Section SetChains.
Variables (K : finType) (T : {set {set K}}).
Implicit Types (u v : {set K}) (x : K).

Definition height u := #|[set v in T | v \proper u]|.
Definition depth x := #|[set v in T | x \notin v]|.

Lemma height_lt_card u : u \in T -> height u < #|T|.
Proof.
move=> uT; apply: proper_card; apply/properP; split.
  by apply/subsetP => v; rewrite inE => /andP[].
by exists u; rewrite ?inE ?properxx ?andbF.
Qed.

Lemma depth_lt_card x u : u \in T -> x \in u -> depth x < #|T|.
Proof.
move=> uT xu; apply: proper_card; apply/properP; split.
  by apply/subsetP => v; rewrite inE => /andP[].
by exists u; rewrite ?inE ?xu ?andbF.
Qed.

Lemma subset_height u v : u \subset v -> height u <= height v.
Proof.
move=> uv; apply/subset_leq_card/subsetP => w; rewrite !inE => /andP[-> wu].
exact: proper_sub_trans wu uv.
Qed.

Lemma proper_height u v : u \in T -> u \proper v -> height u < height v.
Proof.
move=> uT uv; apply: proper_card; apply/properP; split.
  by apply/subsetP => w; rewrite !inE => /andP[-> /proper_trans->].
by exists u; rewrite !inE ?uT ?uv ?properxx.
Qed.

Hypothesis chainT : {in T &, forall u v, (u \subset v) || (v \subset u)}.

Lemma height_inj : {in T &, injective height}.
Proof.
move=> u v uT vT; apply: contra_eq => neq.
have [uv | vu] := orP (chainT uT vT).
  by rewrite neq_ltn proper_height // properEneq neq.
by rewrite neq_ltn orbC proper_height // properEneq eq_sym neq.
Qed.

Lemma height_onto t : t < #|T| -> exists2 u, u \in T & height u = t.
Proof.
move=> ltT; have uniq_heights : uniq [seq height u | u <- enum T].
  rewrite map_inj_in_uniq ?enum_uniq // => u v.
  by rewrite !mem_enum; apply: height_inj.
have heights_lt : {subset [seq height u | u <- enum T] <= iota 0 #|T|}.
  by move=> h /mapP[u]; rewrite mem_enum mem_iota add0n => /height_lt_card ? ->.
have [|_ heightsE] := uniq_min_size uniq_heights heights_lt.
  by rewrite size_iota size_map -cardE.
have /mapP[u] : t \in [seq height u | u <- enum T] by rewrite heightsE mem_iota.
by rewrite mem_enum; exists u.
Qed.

...

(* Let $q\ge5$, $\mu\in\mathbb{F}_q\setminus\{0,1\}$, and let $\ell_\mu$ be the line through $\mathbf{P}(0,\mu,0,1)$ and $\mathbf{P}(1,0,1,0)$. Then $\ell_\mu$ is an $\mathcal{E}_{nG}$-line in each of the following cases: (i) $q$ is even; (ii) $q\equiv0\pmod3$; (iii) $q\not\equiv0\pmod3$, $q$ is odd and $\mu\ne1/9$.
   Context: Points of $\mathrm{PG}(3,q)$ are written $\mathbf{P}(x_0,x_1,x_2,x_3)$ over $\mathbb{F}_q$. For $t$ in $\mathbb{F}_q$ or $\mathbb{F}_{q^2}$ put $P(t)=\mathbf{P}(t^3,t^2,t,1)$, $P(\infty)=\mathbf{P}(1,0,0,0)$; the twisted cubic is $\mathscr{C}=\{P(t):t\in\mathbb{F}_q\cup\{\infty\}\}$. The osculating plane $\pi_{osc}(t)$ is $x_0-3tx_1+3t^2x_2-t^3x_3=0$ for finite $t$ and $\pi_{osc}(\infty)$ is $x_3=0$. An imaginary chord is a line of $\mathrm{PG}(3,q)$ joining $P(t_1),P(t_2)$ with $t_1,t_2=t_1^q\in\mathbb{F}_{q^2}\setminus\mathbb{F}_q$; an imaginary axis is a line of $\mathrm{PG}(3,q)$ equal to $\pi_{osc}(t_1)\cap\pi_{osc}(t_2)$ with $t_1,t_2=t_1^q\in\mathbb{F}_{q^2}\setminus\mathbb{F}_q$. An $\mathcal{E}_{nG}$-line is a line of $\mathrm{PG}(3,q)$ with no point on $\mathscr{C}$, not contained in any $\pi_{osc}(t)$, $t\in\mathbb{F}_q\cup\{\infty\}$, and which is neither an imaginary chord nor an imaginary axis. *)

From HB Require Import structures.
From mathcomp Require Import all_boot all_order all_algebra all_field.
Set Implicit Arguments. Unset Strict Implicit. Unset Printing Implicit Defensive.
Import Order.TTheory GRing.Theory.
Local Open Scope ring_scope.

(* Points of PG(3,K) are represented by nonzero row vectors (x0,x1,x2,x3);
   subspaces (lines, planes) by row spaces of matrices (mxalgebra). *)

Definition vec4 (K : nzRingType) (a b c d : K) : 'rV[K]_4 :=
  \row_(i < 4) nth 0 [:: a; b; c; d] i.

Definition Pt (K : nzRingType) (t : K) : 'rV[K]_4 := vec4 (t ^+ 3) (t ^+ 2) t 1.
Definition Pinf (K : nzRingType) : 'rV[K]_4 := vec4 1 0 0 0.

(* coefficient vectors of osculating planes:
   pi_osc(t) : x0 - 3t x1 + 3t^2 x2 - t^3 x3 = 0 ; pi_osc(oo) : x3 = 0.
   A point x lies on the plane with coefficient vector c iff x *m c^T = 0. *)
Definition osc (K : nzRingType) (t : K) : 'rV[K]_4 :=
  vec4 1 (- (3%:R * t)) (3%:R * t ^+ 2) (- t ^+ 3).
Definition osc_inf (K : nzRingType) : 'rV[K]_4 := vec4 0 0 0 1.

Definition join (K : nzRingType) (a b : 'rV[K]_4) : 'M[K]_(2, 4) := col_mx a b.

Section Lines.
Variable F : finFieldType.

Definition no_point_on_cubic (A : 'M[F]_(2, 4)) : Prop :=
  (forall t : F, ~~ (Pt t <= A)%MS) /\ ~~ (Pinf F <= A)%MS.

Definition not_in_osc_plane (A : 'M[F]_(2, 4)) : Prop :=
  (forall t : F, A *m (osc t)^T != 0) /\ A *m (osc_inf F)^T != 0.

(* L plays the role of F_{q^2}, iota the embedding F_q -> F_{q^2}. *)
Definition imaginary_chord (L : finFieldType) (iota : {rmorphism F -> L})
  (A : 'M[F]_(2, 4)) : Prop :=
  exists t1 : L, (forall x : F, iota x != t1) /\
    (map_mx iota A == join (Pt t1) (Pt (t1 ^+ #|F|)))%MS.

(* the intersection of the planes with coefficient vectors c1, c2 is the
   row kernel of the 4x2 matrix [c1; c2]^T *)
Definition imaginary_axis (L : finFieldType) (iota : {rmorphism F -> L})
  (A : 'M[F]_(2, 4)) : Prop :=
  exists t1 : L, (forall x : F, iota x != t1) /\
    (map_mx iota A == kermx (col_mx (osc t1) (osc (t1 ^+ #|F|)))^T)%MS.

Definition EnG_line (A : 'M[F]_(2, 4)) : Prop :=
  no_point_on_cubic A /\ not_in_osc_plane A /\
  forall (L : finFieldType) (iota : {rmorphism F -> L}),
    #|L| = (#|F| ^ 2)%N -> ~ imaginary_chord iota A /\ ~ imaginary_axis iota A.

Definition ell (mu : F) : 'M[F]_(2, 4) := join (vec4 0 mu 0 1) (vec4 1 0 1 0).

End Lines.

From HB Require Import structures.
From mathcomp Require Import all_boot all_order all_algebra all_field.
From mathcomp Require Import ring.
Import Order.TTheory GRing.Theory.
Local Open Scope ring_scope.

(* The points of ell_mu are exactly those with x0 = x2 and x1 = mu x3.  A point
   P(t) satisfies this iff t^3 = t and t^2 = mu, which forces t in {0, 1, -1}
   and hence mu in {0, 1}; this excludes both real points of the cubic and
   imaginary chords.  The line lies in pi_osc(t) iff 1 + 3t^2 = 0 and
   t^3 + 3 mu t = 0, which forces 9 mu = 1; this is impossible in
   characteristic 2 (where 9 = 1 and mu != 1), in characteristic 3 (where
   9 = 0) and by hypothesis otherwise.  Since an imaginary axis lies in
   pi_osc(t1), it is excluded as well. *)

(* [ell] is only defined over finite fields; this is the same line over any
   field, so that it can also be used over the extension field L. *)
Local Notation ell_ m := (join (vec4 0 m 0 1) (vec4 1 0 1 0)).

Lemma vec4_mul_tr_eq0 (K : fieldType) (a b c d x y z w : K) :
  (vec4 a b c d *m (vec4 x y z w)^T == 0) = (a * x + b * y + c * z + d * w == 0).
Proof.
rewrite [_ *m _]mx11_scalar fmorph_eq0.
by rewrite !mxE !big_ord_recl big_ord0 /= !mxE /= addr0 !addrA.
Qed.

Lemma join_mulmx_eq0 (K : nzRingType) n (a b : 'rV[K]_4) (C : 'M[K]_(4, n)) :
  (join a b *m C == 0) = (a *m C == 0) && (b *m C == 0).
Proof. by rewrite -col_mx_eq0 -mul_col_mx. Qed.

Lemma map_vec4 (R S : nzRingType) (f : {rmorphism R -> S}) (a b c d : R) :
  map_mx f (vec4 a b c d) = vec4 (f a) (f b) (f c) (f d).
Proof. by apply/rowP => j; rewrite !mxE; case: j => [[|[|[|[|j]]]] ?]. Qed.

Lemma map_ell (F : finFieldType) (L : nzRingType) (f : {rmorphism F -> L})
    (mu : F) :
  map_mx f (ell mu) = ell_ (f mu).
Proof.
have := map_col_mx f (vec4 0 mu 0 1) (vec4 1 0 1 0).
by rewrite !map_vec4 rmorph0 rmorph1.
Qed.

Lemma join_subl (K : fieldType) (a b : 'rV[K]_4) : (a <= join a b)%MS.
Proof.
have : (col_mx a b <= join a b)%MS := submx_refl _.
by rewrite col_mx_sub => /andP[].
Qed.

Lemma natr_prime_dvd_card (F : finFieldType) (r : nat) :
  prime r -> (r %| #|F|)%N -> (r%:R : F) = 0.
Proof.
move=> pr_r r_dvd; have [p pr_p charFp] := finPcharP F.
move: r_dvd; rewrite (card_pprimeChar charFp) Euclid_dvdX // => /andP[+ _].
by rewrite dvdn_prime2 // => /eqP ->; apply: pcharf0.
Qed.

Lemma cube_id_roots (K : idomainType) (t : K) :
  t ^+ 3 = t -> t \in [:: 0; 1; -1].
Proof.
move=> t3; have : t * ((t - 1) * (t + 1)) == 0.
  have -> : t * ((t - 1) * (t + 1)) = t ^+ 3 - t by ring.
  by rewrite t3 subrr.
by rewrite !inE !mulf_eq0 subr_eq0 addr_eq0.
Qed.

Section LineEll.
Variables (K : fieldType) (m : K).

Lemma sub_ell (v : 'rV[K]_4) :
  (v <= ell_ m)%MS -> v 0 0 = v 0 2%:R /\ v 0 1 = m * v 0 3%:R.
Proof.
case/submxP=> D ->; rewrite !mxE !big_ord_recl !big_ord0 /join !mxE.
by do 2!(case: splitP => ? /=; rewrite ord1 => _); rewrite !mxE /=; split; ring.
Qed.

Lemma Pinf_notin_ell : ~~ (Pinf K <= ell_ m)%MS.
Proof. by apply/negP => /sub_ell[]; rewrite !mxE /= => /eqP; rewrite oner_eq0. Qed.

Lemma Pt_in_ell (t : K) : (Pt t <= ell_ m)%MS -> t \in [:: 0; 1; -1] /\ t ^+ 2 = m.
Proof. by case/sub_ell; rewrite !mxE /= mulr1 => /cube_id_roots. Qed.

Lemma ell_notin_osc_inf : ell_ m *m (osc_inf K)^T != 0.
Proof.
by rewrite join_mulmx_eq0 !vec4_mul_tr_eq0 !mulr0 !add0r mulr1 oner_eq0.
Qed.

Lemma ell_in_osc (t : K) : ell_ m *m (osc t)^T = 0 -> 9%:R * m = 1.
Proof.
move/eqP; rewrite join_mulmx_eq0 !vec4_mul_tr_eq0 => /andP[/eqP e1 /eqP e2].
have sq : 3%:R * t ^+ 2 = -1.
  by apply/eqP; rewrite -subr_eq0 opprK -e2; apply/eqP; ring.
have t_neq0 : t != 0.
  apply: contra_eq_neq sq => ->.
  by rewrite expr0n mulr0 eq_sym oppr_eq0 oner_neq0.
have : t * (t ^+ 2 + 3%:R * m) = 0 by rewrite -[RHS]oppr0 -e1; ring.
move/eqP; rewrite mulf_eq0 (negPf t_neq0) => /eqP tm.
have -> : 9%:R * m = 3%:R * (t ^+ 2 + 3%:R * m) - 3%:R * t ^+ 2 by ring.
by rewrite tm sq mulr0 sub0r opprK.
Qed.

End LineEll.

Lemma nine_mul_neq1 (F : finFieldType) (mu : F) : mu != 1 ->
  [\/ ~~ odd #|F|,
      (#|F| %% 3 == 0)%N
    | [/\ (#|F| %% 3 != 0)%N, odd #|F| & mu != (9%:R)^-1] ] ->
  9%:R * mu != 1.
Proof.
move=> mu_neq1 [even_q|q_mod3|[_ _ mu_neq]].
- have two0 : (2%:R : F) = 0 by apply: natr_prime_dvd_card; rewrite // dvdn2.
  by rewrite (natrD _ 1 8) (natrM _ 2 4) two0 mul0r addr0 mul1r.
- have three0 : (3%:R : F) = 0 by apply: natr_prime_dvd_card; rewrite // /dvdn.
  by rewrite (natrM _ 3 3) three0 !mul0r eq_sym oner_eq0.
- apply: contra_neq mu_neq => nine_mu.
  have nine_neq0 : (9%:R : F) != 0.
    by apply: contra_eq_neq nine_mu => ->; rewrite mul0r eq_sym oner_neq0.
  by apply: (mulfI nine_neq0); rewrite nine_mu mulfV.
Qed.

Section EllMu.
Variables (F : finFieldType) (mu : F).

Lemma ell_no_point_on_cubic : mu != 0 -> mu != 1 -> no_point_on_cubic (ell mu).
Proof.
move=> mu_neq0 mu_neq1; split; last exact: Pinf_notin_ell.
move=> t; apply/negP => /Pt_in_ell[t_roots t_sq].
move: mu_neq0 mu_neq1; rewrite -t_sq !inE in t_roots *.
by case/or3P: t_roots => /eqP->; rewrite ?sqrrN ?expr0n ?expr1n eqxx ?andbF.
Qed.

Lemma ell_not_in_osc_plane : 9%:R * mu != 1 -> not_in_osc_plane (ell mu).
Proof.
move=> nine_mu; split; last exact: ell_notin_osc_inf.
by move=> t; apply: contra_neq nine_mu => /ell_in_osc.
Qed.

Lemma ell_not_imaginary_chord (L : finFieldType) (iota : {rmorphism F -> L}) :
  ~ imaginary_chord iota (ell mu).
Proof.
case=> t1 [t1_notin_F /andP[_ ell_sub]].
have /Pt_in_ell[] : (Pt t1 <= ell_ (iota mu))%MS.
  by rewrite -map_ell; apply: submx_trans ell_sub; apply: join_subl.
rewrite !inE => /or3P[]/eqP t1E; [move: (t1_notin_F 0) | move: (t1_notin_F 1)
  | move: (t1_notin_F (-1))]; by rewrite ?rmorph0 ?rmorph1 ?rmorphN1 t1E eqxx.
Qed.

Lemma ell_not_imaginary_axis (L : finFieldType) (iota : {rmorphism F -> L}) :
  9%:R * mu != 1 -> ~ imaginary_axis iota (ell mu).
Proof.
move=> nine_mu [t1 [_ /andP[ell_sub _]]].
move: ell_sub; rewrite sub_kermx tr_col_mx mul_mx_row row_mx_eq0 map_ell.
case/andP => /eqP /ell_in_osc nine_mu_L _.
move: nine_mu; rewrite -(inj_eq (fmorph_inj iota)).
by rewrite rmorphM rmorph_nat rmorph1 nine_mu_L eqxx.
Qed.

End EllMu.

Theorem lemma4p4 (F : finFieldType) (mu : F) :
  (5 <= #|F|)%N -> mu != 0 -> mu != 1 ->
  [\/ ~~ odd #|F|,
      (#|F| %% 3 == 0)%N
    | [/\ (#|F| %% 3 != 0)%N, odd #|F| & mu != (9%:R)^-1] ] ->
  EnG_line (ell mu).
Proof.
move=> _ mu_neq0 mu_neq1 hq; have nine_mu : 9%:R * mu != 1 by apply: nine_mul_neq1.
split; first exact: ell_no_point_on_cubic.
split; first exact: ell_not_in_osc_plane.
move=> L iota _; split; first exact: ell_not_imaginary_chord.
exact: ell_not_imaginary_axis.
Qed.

--- WHAT THIS TASK INVOLVES ---
Looking back over the data above, restate word for word the lines that begin at the line with "pi_osc(t) : x0" and end at the line with "Definition osc_inf (K", inclusive.

--- ANSWER FOR THE TASK ---
   pi_osc(t) : x0 - 3t x1 + 3t^2 x2 - t^3 x3 = 0 ; pi_osc(oo) : x3 = 0.
   A point x lies on the plane with coefficient vector c iff x *m c^T = 0. *)
Definition osc (K : nzRingType) (t : K) : 'rV[K]_4 :=
  vec4 1 (- (3%:R * t)) (3%:R * t ^+ 2) (- t ^+ 3).
Definition osc_inf (K : nzRingType) : 'rV[K]_4 := vec4 0 0 0 1.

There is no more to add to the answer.